How to complete this task -
Each line below from the one containing "Lemma edge_parent x" through the one containing "- destruct i" should be output exactly as it stands, and no other line should appear.

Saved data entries
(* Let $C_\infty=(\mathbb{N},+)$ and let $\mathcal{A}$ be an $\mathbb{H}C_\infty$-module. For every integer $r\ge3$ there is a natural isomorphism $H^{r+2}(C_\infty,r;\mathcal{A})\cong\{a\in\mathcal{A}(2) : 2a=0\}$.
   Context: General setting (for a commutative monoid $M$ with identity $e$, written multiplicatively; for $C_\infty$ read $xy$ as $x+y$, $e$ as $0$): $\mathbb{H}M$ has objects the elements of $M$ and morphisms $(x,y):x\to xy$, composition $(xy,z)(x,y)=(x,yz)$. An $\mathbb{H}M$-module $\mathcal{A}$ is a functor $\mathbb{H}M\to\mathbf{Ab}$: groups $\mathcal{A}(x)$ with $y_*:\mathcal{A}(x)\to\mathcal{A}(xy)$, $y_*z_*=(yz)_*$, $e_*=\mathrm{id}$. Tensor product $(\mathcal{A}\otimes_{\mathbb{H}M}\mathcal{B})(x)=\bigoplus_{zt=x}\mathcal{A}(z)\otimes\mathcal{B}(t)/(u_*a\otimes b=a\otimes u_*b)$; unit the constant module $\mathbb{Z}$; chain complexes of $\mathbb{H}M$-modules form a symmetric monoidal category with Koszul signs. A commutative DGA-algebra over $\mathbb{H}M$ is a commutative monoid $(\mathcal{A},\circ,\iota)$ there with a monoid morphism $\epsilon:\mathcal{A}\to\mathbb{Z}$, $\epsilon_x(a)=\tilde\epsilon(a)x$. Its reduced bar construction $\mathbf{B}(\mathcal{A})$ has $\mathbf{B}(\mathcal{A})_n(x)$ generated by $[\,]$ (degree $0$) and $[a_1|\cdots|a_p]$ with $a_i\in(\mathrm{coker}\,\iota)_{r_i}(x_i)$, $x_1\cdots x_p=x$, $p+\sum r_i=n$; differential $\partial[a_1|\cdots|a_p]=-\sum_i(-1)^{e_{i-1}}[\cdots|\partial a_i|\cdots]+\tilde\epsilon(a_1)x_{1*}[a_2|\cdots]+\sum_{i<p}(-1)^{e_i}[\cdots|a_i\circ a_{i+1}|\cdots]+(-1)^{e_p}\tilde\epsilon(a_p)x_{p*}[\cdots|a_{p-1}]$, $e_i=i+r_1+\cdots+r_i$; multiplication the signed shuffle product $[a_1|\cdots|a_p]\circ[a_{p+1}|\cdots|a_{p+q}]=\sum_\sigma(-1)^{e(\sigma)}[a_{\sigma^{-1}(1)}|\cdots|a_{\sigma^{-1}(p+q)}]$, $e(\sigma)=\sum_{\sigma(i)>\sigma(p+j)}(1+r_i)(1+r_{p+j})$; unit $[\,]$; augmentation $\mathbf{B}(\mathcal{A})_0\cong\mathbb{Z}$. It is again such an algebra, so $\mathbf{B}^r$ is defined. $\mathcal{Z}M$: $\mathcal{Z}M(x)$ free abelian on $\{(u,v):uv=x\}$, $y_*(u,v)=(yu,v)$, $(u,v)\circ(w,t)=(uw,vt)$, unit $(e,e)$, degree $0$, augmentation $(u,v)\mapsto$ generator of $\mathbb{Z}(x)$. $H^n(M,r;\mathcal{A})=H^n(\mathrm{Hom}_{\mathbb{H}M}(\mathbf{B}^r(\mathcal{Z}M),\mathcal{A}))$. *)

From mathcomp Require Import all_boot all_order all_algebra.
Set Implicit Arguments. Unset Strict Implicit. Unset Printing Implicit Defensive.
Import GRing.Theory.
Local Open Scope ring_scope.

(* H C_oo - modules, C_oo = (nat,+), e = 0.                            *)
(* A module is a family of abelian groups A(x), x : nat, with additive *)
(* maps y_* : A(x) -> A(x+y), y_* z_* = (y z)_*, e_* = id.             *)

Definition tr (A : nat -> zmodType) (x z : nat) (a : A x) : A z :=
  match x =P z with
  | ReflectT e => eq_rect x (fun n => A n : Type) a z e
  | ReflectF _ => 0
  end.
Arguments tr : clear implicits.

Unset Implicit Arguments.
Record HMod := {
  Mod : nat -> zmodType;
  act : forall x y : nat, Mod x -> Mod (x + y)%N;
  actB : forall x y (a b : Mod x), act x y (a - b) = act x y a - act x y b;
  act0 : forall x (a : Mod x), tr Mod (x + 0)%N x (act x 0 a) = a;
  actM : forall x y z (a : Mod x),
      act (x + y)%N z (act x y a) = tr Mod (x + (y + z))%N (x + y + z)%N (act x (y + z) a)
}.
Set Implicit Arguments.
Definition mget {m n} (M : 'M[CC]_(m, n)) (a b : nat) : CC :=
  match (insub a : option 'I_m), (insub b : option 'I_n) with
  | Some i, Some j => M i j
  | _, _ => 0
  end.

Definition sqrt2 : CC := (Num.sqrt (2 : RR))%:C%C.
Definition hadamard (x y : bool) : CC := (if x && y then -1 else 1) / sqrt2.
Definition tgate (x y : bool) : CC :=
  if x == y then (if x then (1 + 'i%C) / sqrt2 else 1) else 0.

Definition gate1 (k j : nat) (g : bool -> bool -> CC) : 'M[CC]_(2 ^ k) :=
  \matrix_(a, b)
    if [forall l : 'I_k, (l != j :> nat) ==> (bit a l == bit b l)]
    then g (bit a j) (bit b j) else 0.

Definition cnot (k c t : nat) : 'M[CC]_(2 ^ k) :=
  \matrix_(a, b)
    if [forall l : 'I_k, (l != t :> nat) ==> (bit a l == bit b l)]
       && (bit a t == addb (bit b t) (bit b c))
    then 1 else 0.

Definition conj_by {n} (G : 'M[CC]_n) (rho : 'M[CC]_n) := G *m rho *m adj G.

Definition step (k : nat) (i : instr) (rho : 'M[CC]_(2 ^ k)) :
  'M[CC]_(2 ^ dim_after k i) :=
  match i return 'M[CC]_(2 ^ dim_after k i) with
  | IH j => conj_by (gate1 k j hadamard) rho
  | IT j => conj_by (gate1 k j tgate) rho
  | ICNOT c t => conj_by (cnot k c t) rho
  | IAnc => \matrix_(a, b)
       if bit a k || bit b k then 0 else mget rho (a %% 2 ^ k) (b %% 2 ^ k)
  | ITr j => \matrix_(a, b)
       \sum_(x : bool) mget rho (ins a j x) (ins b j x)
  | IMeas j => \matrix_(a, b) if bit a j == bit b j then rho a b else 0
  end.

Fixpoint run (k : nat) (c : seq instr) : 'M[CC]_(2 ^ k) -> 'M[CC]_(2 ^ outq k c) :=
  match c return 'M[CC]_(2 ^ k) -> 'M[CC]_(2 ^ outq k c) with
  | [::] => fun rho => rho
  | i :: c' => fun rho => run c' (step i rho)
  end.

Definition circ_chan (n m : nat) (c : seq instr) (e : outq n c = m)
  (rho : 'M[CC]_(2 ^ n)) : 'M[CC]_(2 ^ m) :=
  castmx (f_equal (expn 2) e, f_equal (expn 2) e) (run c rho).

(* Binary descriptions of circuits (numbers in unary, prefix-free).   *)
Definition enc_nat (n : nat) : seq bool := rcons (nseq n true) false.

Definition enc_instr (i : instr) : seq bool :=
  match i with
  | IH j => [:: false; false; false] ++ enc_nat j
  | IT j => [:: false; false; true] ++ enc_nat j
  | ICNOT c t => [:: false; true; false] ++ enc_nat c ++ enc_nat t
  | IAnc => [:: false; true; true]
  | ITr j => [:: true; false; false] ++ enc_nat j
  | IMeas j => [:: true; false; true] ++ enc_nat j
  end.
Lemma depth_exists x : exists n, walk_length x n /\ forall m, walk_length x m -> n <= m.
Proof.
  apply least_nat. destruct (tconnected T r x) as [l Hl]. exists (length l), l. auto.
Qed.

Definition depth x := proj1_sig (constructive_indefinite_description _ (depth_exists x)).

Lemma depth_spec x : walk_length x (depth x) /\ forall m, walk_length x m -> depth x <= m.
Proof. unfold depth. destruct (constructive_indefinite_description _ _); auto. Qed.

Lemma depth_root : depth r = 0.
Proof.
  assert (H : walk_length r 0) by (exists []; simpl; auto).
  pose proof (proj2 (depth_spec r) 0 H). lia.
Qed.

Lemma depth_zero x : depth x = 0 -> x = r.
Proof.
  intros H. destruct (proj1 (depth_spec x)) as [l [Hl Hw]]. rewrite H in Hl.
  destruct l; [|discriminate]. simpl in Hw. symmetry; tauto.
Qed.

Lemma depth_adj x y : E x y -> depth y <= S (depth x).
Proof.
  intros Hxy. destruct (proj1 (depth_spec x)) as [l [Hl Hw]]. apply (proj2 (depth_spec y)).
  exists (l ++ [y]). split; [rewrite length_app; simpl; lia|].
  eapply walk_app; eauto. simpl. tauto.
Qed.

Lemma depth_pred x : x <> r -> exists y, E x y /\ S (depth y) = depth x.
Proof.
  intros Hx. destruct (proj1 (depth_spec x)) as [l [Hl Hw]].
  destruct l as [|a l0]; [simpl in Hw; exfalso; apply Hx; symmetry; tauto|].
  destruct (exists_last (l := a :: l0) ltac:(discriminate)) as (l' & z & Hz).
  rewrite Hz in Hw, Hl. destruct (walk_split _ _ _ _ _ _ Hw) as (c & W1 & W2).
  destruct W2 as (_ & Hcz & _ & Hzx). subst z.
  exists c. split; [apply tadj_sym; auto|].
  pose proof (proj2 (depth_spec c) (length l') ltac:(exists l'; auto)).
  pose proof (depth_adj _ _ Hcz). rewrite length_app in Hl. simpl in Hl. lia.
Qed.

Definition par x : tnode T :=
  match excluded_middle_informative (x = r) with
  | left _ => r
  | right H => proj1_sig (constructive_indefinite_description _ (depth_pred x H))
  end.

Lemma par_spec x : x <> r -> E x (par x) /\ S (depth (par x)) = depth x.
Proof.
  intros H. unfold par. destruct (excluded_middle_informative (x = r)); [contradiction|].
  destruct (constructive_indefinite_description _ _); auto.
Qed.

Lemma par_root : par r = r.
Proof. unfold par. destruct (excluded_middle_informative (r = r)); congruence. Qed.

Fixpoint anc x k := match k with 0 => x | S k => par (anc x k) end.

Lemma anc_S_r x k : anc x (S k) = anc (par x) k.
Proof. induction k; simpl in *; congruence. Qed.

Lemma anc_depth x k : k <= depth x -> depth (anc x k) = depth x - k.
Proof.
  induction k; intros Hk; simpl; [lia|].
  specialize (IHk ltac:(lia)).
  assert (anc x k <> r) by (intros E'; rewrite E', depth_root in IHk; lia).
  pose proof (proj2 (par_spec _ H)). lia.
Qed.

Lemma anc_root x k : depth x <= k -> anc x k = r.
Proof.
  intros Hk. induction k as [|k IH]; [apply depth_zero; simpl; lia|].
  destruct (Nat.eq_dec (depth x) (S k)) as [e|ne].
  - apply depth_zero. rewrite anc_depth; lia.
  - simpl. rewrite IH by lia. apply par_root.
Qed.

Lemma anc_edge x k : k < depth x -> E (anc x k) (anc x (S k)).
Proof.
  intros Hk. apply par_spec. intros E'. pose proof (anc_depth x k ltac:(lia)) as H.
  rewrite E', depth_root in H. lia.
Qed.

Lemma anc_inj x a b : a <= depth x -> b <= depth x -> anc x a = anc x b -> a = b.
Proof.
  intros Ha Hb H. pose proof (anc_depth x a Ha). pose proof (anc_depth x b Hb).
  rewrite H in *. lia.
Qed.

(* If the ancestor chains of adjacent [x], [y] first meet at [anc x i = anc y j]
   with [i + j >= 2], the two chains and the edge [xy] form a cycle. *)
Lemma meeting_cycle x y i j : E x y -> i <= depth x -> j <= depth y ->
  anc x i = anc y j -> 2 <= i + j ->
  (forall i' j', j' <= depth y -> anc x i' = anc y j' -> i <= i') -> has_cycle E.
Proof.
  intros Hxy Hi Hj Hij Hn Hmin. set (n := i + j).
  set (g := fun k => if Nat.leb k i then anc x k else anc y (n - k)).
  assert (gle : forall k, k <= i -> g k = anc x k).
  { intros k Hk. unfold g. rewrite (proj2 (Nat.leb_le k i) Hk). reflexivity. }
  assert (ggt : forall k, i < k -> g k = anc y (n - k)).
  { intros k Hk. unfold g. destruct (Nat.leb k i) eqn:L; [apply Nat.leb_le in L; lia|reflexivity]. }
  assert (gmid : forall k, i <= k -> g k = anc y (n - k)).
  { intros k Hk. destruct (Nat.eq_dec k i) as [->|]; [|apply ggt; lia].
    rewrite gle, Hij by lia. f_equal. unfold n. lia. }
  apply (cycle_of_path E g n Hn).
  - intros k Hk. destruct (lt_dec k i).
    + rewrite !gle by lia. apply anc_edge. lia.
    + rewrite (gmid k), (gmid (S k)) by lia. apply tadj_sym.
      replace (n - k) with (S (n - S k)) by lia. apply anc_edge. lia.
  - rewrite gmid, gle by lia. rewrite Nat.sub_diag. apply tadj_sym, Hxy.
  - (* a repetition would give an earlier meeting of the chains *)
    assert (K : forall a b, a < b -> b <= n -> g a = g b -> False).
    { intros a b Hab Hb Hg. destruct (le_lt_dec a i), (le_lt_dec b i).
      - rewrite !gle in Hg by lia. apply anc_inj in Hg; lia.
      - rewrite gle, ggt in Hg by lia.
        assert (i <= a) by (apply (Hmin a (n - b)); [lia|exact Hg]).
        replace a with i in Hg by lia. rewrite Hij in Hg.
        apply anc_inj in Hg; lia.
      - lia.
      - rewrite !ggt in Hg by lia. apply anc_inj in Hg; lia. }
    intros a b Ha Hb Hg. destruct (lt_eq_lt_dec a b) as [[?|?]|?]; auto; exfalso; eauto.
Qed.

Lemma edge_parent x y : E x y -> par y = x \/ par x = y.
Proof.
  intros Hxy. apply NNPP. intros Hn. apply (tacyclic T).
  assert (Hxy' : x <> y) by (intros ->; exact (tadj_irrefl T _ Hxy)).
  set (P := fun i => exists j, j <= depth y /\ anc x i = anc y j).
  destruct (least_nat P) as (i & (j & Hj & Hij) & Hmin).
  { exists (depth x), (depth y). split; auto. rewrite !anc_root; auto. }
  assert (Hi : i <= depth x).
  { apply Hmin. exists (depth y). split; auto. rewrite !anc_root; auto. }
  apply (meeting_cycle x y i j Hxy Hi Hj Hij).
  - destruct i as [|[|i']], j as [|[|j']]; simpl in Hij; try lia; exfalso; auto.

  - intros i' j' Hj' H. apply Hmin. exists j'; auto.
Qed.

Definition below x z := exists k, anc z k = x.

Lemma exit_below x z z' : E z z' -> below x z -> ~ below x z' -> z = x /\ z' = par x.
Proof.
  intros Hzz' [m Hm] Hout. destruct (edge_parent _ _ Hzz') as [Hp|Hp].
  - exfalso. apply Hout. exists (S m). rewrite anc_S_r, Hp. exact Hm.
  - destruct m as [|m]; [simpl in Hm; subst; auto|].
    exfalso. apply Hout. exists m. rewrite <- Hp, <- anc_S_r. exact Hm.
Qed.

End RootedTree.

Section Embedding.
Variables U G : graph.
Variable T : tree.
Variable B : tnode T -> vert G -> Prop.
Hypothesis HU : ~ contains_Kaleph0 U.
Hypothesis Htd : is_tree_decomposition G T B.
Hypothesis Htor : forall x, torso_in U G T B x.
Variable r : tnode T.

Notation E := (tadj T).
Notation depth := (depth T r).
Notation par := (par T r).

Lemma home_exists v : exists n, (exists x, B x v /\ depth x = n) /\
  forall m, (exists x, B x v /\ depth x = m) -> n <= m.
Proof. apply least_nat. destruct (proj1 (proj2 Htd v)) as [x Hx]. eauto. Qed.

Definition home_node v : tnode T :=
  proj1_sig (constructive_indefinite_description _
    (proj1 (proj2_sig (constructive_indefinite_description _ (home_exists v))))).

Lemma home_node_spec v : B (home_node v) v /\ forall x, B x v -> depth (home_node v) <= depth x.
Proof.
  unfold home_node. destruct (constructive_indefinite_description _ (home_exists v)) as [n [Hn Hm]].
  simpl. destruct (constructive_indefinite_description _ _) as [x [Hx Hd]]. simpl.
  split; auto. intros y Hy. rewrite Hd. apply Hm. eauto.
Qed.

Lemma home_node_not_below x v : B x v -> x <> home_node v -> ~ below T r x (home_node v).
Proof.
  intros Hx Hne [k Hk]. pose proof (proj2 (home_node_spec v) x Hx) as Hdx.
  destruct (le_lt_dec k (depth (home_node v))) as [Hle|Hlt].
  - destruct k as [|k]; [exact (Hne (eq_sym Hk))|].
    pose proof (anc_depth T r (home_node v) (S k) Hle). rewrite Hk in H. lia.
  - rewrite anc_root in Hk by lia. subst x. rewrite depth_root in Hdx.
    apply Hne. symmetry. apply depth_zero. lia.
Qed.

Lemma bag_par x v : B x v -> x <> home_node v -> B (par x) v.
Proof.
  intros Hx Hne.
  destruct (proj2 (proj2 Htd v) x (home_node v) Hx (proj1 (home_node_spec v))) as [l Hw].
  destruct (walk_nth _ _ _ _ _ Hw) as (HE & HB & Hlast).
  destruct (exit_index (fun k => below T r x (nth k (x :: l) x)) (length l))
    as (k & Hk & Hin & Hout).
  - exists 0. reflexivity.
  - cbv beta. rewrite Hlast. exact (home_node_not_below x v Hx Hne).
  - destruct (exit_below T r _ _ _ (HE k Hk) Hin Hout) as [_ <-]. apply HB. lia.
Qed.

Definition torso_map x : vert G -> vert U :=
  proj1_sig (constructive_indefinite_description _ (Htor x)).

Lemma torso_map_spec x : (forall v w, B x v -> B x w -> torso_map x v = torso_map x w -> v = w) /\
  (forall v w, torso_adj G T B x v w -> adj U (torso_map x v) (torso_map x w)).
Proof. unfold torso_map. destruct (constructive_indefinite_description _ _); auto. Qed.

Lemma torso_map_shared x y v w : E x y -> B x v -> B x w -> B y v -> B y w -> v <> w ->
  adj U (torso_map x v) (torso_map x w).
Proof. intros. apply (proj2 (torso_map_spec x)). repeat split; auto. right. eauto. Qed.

Task response -
Lemma edge_parent x y : E x y -> par y = x \/ par x = y.
Proof.
  intros Hxy. apply NNPP. intros Hn. apply (tacyclic T).
  assert (Hxy' : x <> y) by (intros ->; exact (tadj_irrefl T _ Hxy)).
  set (P := fun i => exists j, j <= depth y /\ anc x i = anc y j).
  destruct (least_nat P) as (i & (j & Hj & Hij) & Hmin).
  { exists (depth x), (depth y). split; auto. rewrite !anc_root; auto. }
  assert (Hi : i <= depth x).
  { apply Hmin. exists (depth y). split; auto. rewrite !anc_root; auto. }
  apply (meeting_cycle x y i j Hxy Hi Hj Hij).
  - destruct i as [|[|i']], j as [|[|j']]; simpl in Hij; try lia; exfalso; auto.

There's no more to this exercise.